* Dataset entries
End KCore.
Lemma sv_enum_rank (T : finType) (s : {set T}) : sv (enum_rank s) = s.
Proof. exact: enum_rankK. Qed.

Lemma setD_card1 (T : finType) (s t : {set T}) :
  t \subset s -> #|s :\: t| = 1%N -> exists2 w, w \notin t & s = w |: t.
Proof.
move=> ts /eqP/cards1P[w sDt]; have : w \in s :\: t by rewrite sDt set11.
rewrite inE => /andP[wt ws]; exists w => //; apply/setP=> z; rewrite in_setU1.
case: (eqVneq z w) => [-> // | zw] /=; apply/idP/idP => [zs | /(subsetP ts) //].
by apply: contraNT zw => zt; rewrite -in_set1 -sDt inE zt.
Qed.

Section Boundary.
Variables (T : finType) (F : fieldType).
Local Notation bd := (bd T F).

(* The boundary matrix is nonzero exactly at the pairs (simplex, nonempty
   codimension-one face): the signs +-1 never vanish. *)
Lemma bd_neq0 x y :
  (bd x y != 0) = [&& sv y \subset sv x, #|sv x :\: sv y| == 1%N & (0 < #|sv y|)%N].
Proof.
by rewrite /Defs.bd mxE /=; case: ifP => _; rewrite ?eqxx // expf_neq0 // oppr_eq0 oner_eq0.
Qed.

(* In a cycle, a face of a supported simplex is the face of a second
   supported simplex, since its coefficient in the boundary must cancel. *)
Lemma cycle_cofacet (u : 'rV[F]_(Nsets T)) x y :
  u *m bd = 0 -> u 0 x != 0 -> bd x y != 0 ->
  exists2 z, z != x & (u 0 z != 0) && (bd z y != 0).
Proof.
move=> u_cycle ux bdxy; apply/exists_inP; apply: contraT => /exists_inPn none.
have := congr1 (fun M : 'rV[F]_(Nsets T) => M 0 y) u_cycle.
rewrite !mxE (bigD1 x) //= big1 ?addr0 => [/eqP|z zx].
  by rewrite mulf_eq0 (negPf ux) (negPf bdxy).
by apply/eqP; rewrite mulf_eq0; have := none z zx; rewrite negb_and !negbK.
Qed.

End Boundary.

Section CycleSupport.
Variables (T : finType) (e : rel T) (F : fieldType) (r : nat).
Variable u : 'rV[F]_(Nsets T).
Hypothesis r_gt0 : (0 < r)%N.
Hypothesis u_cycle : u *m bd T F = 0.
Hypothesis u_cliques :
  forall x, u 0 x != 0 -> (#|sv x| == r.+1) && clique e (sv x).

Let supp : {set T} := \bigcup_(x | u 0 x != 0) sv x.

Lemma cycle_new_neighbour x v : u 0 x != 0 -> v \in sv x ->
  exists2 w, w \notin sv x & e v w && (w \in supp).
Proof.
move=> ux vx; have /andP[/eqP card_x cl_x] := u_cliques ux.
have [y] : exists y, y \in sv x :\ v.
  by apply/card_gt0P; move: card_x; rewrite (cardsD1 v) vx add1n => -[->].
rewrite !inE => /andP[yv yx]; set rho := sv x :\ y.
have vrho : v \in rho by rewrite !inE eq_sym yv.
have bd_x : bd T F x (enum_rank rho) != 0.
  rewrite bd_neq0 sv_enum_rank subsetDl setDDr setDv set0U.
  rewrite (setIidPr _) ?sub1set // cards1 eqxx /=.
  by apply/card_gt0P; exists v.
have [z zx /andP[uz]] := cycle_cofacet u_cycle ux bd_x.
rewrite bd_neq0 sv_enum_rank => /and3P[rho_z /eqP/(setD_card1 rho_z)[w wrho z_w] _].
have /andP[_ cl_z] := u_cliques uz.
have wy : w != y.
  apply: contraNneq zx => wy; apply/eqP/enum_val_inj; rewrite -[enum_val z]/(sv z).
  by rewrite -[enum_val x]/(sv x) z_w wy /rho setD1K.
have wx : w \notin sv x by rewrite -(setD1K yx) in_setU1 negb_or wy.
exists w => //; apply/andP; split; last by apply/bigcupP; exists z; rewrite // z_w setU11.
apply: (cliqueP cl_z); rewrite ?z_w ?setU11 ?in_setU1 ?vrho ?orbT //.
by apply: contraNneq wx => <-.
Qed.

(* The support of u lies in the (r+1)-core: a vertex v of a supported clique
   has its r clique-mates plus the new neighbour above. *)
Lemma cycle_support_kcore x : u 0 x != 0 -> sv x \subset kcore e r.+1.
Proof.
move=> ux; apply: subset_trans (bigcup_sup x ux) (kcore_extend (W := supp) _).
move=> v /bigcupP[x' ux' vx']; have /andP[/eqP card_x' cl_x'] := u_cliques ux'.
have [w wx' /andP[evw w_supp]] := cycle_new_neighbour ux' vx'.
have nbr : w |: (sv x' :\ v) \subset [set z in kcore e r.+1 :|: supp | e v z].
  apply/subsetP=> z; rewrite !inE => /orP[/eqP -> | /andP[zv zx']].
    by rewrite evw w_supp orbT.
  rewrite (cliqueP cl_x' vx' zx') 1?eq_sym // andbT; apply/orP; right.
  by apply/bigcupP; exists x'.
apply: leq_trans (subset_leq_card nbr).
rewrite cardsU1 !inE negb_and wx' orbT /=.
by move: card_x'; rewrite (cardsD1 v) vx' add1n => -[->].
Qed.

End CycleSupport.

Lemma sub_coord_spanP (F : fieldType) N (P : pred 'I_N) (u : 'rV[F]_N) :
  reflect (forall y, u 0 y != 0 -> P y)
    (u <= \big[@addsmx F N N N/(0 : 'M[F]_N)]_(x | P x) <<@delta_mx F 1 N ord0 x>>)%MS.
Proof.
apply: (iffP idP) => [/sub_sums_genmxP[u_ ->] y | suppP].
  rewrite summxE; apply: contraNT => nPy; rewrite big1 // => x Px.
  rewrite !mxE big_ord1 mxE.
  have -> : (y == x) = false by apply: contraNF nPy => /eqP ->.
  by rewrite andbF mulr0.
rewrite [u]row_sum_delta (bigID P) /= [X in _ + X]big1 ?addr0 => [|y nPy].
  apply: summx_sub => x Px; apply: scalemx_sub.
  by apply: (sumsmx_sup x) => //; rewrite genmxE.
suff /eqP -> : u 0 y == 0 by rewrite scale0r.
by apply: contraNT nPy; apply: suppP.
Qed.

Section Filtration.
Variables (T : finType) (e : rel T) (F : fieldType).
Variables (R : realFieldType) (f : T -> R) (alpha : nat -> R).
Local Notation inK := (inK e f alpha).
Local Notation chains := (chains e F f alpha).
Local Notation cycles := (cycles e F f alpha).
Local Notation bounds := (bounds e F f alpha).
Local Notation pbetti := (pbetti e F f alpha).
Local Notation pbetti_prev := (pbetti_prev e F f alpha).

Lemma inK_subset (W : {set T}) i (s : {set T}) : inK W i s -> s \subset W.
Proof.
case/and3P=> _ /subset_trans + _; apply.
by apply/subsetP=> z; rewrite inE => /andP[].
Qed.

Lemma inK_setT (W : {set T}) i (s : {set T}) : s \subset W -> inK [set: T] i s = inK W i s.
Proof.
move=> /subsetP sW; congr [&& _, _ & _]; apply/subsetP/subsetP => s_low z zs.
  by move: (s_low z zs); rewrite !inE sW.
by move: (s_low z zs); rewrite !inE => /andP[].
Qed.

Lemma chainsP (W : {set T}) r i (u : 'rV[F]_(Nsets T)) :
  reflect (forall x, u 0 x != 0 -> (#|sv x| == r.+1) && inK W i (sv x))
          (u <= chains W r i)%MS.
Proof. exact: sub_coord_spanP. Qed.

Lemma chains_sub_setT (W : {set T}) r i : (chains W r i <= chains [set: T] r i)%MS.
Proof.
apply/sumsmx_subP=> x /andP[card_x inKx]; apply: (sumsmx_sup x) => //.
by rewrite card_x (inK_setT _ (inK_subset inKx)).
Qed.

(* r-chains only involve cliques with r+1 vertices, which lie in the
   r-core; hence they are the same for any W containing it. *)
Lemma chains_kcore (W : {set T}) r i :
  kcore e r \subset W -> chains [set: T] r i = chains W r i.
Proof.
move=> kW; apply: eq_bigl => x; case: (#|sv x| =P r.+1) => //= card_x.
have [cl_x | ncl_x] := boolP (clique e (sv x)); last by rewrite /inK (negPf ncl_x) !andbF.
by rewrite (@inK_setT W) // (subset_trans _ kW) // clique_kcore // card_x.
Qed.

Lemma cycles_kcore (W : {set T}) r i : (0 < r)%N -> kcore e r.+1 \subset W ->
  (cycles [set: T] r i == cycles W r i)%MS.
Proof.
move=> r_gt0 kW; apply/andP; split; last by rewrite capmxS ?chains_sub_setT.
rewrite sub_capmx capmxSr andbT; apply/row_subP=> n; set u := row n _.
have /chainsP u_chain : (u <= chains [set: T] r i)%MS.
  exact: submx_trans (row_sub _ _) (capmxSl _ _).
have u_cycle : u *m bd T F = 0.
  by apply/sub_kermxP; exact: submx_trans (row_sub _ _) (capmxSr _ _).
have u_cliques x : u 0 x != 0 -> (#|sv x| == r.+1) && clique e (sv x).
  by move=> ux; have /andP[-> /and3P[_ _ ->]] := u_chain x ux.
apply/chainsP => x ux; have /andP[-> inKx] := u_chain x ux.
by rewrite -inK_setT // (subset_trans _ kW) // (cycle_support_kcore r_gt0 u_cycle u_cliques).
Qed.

--

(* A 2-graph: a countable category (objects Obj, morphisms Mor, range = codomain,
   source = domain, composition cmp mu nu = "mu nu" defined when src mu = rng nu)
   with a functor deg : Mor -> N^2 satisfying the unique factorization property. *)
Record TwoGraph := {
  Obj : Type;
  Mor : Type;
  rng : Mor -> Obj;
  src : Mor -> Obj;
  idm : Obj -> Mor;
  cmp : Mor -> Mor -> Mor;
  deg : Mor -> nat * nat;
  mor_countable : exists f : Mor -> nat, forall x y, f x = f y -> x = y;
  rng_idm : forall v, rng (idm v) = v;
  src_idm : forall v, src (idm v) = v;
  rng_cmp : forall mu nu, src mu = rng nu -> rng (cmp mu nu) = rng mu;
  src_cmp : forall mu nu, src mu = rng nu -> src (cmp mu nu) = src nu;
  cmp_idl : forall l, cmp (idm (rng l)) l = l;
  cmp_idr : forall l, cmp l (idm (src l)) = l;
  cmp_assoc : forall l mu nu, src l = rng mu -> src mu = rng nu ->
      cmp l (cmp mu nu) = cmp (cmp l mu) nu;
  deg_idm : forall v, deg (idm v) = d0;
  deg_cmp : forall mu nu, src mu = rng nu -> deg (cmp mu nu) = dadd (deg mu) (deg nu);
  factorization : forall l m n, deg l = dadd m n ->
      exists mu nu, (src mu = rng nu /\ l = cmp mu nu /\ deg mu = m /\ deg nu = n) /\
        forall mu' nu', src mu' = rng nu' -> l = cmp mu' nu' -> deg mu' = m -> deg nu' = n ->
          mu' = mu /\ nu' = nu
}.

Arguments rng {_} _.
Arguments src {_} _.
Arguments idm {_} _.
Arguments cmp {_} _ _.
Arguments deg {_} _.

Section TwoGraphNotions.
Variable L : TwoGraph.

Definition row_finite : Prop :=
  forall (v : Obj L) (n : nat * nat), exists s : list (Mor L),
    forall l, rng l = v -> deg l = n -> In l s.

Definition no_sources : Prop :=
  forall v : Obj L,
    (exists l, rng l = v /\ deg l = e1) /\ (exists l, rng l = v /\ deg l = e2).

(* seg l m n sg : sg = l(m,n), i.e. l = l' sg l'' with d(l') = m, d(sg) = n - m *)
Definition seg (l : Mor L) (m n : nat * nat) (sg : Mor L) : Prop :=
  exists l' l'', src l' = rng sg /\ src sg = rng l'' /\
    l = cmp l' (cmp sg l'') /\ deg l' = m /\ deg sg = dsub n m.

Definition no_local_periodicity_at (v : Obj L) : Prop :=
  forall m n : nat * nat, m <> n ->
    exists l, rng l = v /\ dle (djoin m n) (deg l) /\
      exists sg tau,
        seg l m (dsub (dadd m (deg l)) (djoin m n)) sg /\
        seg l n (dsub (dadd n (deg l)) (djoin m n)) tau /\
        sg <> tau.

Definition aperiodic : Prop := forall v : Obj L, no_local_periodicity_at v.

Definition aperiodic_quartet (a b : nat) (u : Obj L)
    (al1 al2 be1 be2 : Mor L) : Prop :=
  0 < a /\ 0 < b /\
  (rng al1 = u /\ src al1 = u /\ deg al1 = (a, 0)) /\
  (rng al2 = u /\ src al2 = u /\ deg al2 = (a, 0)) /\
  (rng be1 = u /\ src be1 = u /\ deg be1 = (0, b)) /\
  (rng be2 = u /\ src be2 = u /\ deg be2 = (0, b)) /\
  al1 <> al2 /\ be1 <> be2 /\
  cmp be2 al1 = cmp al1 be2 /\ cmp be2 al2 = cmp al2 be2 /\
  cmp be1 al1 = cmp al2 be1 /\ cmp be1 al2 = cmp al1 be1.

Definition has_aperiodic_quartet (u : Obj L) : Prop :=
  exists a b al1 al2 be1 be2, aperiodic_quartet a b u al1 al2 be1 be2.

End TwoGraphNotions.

--

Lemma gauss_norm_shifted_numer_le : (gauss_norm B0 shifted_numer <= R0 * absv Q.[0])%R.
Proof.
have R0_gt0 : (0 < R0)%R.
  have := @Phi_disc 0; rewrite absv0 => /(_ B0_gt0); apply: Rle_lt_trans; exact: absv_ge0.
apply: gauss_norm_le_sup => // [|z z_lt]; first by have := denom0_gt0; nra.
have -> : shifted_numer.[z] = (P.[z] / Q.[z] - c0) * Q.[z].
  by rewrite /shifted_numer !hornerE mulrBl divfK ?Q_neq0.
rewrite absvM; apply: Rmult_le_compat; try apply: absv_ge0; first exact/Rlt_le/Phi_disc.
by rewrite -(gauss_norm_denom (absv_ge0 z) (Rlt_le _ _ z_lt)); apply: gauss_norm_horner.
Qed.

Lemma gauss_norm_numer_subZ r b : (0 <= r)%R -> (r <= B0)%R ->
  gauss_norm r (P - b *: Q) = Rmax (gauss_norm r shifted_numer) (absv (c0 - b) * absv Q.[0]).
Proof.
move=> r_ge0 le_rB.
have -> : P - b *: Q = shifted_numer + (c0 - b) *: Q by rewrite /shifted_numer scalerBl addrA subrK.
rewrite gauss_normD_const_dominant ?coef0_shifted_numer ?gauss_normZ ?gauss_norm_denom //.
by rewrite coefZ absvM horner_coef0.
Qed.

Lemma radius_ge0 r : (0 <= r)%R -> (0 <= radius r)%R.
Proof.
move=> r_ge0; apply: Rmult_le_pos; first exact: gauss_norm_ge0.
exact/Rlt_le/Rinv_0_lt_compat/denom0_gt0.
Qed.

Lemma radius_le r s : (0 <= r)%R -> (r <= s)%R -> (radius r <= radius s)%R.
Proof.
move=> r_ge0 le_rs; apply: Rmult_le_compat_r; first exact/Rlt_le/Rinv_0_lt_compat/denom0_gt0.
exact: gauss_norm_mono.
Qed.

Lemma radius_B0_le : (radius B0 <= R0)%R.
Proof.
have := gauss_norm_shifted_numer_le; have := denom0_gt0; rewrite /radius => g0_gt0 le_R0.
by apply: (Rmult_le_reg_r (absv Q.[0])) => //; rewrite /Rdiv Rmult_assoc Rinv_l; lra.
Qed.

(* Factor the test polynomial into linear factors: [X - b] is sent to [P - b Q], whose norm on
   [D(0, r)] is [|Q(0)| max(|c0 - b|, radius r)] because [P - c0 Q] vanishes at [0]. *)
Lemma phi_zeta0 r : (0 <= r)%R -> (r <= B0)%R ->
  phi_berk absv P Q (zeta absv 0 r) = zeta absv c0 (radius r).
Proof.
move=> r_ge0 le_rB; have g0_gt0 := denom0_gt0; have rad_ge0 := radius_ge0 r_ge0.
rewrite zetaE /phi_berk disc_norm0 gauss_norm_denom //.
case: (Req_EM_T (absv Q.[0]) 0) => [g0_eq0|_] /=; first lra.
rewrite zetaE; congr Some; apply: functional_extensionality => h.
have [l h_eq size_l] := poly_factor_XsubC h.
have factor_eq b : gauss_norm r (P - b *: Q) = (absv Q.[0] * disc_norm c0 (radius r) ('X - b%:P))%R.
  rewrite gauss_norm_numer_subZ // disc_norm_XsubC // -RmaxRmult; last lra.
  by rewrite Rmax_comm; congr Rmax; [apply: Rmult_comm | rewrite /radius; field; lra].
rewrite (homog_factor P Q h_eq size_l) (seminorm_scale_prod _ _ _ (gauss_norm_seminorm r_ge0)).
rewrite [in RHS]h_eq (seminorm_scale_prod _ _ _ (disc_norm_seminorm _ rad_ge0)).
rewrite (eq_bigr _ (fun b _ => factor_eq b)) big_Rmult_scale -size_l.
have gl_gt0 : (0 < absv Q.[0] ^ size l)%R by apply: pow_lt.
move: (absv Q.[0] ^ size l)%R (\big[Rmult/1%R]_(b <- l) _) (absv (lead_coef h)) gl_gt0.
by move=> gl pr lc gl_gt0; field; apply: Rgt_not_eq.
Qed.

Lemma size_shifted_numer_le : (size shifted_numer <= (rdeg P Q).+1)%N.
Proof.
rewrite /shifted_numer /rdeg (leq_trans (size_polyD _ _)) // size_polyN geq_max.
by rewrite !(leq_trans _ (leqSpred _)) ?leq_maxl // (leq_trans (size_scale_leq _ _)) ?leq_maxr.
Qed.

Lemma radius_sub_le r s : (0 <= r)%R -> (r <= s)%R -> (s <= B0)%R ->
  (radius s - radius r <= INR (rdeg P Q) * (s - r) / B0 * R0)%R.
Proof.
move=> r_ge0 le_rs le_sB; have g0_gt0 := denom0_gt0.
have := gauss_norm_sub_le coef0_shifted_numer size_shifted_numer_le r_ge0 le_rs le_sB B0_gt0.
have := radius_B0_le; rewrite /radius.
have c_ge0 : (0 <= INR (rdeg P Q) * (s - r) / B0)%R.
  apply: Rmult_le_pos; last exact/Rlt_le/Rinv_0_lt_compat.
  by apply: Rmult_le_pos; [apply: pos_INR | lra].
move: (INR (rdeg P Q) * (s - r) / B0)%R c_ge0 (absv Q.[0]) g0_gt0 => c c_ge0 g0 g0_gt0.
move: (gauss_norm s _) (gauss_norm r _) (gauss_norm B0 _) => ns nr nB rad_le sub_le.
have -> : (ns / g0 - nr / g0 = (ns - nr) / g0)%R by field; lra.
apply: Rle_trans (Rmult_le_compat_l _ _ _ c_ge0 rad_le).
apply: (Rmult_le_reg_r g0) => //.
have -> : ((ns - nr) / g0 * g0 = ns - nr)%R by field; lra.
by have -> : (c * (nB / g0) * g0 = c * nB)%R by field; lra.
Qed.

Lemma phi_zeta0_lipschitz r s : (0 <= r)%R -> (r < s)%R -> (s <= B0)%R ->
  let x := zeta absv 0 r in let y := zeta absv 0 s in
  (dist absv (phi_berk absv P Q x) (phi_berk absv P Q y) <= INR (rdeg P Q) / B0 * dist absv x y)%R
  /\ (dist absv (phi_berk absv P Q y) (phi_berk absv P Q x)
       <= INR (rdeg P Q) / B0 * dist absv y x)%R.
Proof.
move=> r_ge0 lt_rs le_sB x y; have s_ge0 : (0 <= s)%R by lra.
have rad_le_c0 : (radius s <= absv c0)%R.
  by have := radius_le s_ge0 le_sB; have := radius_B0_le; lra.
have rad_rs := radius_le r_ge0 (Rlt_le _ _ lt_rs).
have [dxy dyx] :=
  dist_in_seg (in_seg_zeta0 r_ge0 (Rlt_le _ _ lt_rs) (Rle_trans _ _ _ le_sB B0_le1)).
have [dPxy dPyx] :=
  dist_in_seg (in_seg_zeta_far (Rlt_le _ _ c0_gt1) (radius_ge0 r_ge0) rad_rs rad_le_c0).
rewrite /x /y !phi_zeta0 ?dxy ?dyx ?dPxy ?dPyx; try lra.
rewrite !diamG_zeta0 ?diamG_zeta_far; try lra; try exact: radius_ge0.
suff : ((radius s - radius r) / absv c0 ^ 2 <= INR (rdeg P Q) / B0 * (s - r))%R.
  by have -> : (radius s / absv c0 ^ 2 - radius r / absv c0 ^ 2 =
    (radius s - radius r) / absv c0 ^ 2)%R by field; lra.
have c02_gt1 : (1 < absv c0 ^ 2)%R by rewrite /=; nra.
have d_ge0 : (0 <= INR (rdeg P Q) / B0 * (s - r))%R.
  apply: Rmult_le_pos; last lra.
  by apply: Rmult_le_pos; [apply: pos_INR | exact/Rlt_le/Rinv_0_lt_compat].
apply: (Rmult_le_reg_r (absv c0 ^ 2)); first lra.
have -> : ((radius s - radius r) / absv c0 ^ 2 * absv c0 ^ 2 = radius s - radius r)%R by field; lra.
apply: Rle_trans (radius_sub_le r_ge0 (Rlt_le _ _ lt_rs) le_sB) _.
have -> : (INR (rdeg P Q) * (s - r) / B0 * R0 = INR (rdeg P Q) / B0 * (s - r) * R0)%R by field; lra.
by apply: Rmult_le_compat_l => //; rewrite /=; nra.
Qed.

* Problem to work on
All lines holding the word "inKx" must be found in the listing and copied.

* Answer section
apply/sumsmx_subP=> x /andP[card_x inKx]; apply: (sumsmx_sup x) => //.
by rewrite card_x (inK_setT _ (inK_subset inKx)).
apply/chainsP => x ux; have /andP[-> inKx] := u_chain x ux.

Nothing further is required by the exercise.